Exercises are essential as it has many important benefits. Exercising improves your blood flow, works as a pain reliever. Because of the endorphins you get through it, improves your condition and provides for your muscle maintenance. By making regular efforts, you can also relax and sleep better.
Tip 5: Visit the physiotherapist
A physiotherapist can be a saving angel. He treats with a massage, releases sticky muscles and resolves trigger points. I always had a radiating pain in my arm, which made it feel like someone was squeezing my arm hard. My physiotherapist has remedied that. I can also move my head better. If you have chronic pain in your musculoskeletal system: go to the physiotherapist.
Tip 6: Get relaxed
Make sure you take a moment every day to charge. Whether you do that through meditation, walking, reading a good book or being together with nice people, take care of me-time. I have made these relaxing things a conscious part of my weekly schedule. Previously I always passed myself too fast. I have lived under high pressure for years due to work and private situations. By consciously taking my moments, the pressure is now gone. Stress hormones have an inflammatory effect on your body, strengthen pain and can literally make you sick. Relaxing is therefore very important to reduce the number of stress hormones in your body to healthy, normal levels.
Tip 7: Adjust your workplace
Make sure you do work that fits your physical abilities. If you work at a desk behind the computer, have an expert (for example an occupational therapist) look at the right work and sitting position for you. Due to a wrong working posture, there is unhealthy pressure on your muscles and joints, so that you do not move in the right way, the tension in your body increases and therefore pain complaints can worsen. Ask your supervisor or health and safety doctor for analysis and adjustment of your workplace for chronic pain complaints and discuss whether your workload fits your (physical and mental) capacity. Being in pain takes a lot of energy, and that affects not only your physical abilities, but also your mental resilience.
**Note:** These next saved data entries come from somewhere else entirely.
Theorem theorem5p3 (a1 a2 a3 a b c eps : R)
  (h1 : 0 < a1) (h12 : a1 < a2) (h23 : a2 < a3) (heps : eps <> 0)
  (x : R -> vec3) (hx : is_solution a1 a2 a3 a b c eps x) :
  is_lim (fun t => dist_E a1 a2 a3 a b c (x t)) p_infty 0 /\
  is_lim (fun t => dist_E a1 a2 a3 a b c (x t)) m_infty 0.
Proof.
  destruct (solution_sqnorm_bounded a1 a2 a3 a b c eps x hx h1 ltac:(lra) ltac:(lra)) as [r Hr].
  pose proof (fun t => in_box_of_dot (x t) r (Hr t)) as Hbox.
  destruct (seq_continuous_bounded_on_box _ (1 + r)
    (residual_rate_seq_continuous a1 a2 a3 a b c eps)) as [L HL].
  destruct (barbalat (fun t => dot (x t) (x t)) (fun t => residual a1 a2 a3 a b c (x t))
    (fun t => residual_rate a1 a2 a3 a b c eps (x t)) (-2 * eps) r L) as [Hp Hm].
  - lra.
  - exact (sqnorm_derive a1 a2 a3 a b c eps x hx).
  - intro t; rewrite Rabs_pos_eq by apply dot_self_nonneg; apply Hr.
  - intro t; apply dot_self_nonneg.
  - exact (residual_derive a1 a2 a3 a b c eps x hx).
  - intro t; apply HL, Hbox.
  - split; [exact (dist_E_lim_of_residual_lim a1 a2 a3 a b c x (1 + r) _ Hbox Hp)
           |exact (dist_E_lim_of_residual_lim a1 a2 a3 a b c x (1 + r) _ Hbox Hm)].
Qed.
Lemma add_cycle_utility k : k < L ->
  ab_utility A B (cag k) (mu' (cag k)) + ab_level A B (cag k) (cprev x0 c k) =
  ab_utility A B (cag k) (mu (cag k)) + ab_level A B (cag k) (cob x0 c k).
Proof.
move=> lk; have [u _ _ _] := C_cycle; rewrite add_cycle_at //.
by apply: ab_utility_swap; [apply: cycle_gives | apply: cycle_receives].
Qed.

Lemma add_cycle_utility_ge i : ~ decreases A mu x0 c i ->
  ab_utility_pref A B i (mu' i) (mu i).
Proof.
rewrite /decreases /ab_utility_pref => no_down.
case: (boolP (i \in map fst (x0 :: c))) => iC; last by rewrite add_cycle_out.
have [k lk ei] := cycle_agentP iC; rewrite {i iC}ei in no_down *.
have countA := add_cycle_cardsI mu_disj C_cycle c_nonnil (A (cag k)) lk.
have keepA : (cprev x0 c k \in A (cag k)) <= (cob x0 c k \in A (cag k)).
  by move: countA no_down; case: (cprev _ _ _ \in _); case: (cob _ _ _ \in _) => //=; lia.
by have := ab_level_le keepA (C_IR lk); have := add_cycle_utility lk; lia.
Qed.

Lemma add_cycle_utility_gt i : increases A mu x0 c i ->
  strict (ab_utility_pref A B i) (mu' i) (mu i).
Proof.
rewrite /increases /strict /ab_utility_pref.
case: (boolP (i \in map fst (x0 :: c))) => iC; last by rewrite add_cycle_out // ltnn.
have [k lk ->] := cycle_agentP iC.
have := add_cycle_cardsI mu_disj C_cycle c_nonnil (A (cag k)) lk.
have := add_cycle_utility lk.
case: (boolP (cprev _ _ _ \in _)) => /= gA; case: (boolP (cob _ _ _ \in _)) => /= rA; try lia.
by have := ab_level_lt B rA gA; lia.
Qed.

End CycleUtility.

Section Forward.
Variables (I O : finType) (Omega A B mu : I -> {set O}).

Lemma IR_improving_cycle_pareto_improves x0 c :
  matching Omega mu -> is_cycle mu x0 c ->
  cycle_cw_IR A B x0 c -> pareto_improving_cycle A mu x0 c ->
  matching Omega (add_cycle mu x0 c) /\
  pareto_improves (ab_utility_pref A B) (add_cycle mu x0 c) mu.
Proof.
move=> [mu_disj mu_card] C_cycle C_IR [[i0 up] no_down].
have [c0|c_nonnil] := eqVneq c [::].
  by move: up; rewrite /increases (add_cycle_nil C_cycle c0) ltnn.
split; first split=> [i j|i].
- exact: add_cycle_disjoint.
- by rewrite add_cycle_card.
split=> [i|]; first exact: add_cycle_utility_ge.
by exists i0; apply: add_cycle_utility_gt.
Qed.

Lemma unamb_efficient_no_IR_improving_cycle x0 c :
  matching Omega mu -> unamb_efficient Omega (ab_marginal A B) mu ->
  ~ [/\ is_cycle mu x0 c, cycle_cw_IR A B x0 c & pareto_improving_cycle A mu x0 c].
Proof.
move=> mu_match UE [C_cycle C_IR C_up].
have [mu'_match improves] := IR_improving_cycle_pareto_improves mu_match C_cycle C_IR C_up.
apply: (UE (ab_utility_pref A B) _ _ _ mu'_match improves) => i.
  exact: ab_utility_preference.
exact: ab_utility_responsive.
Qed.

End Forward.

Section SwapTowards.
Variables (T : finType) (A X Y : {set T}).
Hypothesis XY_card : #|X| = #|Y|.

Let countA_split : #|X :&: A| = #|X :&: Y :&: A| + #|(X :\: Y) :&: A| /\
                   #|Y :&: A| = #|X :&: Y :&: A| + #|(Y :\: X) :&: A|.
Proof. by rewrite (cardsI_split X Y) (cardsI_split Y X) [Y :&: X]setIC. Qed.

Let cardsDI_le Z W : #|(Z :\: W) :&: A| <= #|Z :\: W|.
Proof. exact/subset_leq_card/subsetIl. Qed.

Lemma swap_partner_exists x : #|X :&: A| <= #|Y :&: A| ->
  x \in X -> x \notin Y -> x \notin A ->
  exists y, [/\ y \in Y, y \notin X & #|X :&: A| + (y \in A) <= #|Y :&: A|].
Proof.
move=> le xX xY xA; have [splitX splitY] := countA_split.
have lt_XD : #|(X :\: Y) :&: A| < #|X :\: Y| by apply: (cardsI_lt (x := x)); rewrite ?inE ?xY.
have [lt|ge] := ltnP #|X :&: A| #|Y :&: A|.
  have /card_gt0P[y] : 0 < #|Y :\: X|.
    by rewrite -(cardsD_sym XY_card); apply: leq_ltn_trans lt_XD.
  by rewrite inE => /andP[yX yY]; exists y; split => //; case: (y \in A); lia.
have /exists_notin_of_cardsI_lt[y] : #|(Y :\: X) :&: A| < #|Y :\: X|.
  by rewrite -(cardsD_sym XY_card); lia.
rewrite inE => /andP[yX yY] /negbTE yA.
by exists y; rewrite yA addn0.
Qed.

Lemma swap_towards_exists : #|X :&: A| <= #|Y :&: A| -> 0 < #|X :\: Y| ->
  exists x y, [/\ x \in X :\: Y, y \in Y :\: X, (x \in A) <= (y \in A)
                & #|X :&: A| + (y \in A) <= #|Y :&: A| + (x \in A)].
Proof.
move=> le XY_gt0; have [splitX splitY] := countA_split.
have [/exists_notin_of_cardsI_lt[x xXY xA] | ge] :=
  ltnP #|(X :\: Y) :&: A| #|X :\: Y|.
  move: (xXY); rewrite inE => /andP[xY xX].
  have [y [yY yX le_y]] := swap_partner_exists le xX xY xA.
  by exists x, y; split; rewrite // ?inE ?yX ?yY ?(negbTE xA) ?addn0.
have XY_D := cardsD_sym XY_card.
have /exists_in_of_cardsI_gt0[x xXY xA] : 0 < #|(X :\: Y) :&: A| by lia.
have /exists_in_of_cardsI_gt0[y yYX yA] : 0 < #|(Y :\: X) :&: A|.
  by have := cardsDI_le X Y; have := cardsDI_le Y X; lia.
exists x, y; rewrite xA yA; split => //.
by have := cardsDI_le X Y; have := cardsDI_le Y X; lia.
Qed.

Lemma strict_swap_exists : #|X :&: A| < #|Y :&: A| ->
  exists x y, [/\ x \in X :\: Y, y \in Y :\: X, x \notin A & y \in A].
Proof.
move=> lt; have [splitX splitY] := countA_split.
have /exists_notin_of_cardsI_lt[x xXY xA] : #|(X :\: Y) :&: A| < #|X :\: Y|.
  by rewrite (cardsD_sym XY_card); have := cardsDI_le Y X; lia.
have /exists_in_of_cardsI_gt0[y yYX yA] : 0 < #|(Y :\: X) :&: A| by lia.
by exists x, y.
Qed.

End SwapTowards.

Section ResponsiveDominance.
Variables (I O : finType) (Omega A B : I -> {set O}) (i : I).
Variable R : {set O} -> {set O} -> Prop.
Hypothesis R_pref : preference Omega i R.
Hypothesis R_resp : responsive Omega i R (ab_marginal A B i).
Implicit Types (X Y : {set O}) (x y : O).
Local Notation level := (ab_level A B i).

Lemma consumption_swap X x y : consumption Omega i X -> x \in X -> y \notin X ->
  consumption Omega i (y |: (X :\ x)).
Proof. by rewrite /consumption => cX xX yX; rewrite cards_swap. Qed.

Lemma consumption_card X Y : consumption Omega i X -> consumption Omega i Y -> #|X| = #|Y|.
Proof. by move=> /eqP -> /eqP ->. Qed.

Lemma resp_swap_weak X x y : consumption Omega i X -> x \in X -> y \notin X ->
  level x <= level y -> R (y |: (X :\ x)) X.
Proof.
move=> cX xX yX le.
have xy : x != y by apply: contraNneq yX => <-.
have x_out : x \notin y |: (X :\ x) by rewrite !inE negb_or xy eqxx.
have := R_resp (consumption_swap cX xX yX) (setU11 y _) x_out.
have -> : x |: ((y |: (X :\ x)) :\ y) = X.
  apply/setP => z; rewrite !inE; case: (z =P x) => [->|_] //=.
  by case: (z =P y) => [->|] //=; rewrite (negbTE yX).
by move=> ->.
Qed.

Lemma resp_swap_strict X x y : consumption Omega i X -> x \in X -> y \notin X ->
  level x < level y -> ~ R X (y |: (X :\ x)).
Proof. by move=> cX xX yX lt /(R_resp cX xX yX); rewrite /ab_marginal leqNgt lt. Qed.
Tip 8: Accept your limitations
Body and mind are one within the naturopathic vision. Spiritual awareness of the patterns that I have in my life, therefore, could not be left out of play. This disease, for example, forces me to say no more often or ask for help: I found out that I tend to tackle everything and do it for everyone. This was sometimes at the expense of myself. Now I can literally no longer take it all on my shoulders and so often have to say no or ask for help. Or say that I don't agree and my limit has been reached. I did this far too little, and this devoured me. Now that I have better defined my limits, I feel more powerful, better grounded and more assertive.
Tip 9: Think of solutions
Look at your mindset. I try to think as much as possible in solutions and not in problems. Not being reactive, but being proactive and in that way controlling my health, within the limitations that I have. Being healthy is the basis for a good life. In my eyes, it is, therefore, crucial to take responsibility for this. This is also the reason why I started doing this work. I like to help people work on their health.
You have never been educated in this course. I love personal development, and for me, life is an exploration of yourself and how you interact with others. I want to enjoy life every day, even with everything I can't do. There are still all kinds of therapies that I can try. Recently I got an exciting tip from a business relation about homoeopathy in autoimmune diseases. A whole new group of resources that have only recently been developed. A whole knowledge area to delve into, therefore, both for myself and for our customers. Medicine does not stand still, and neither do I.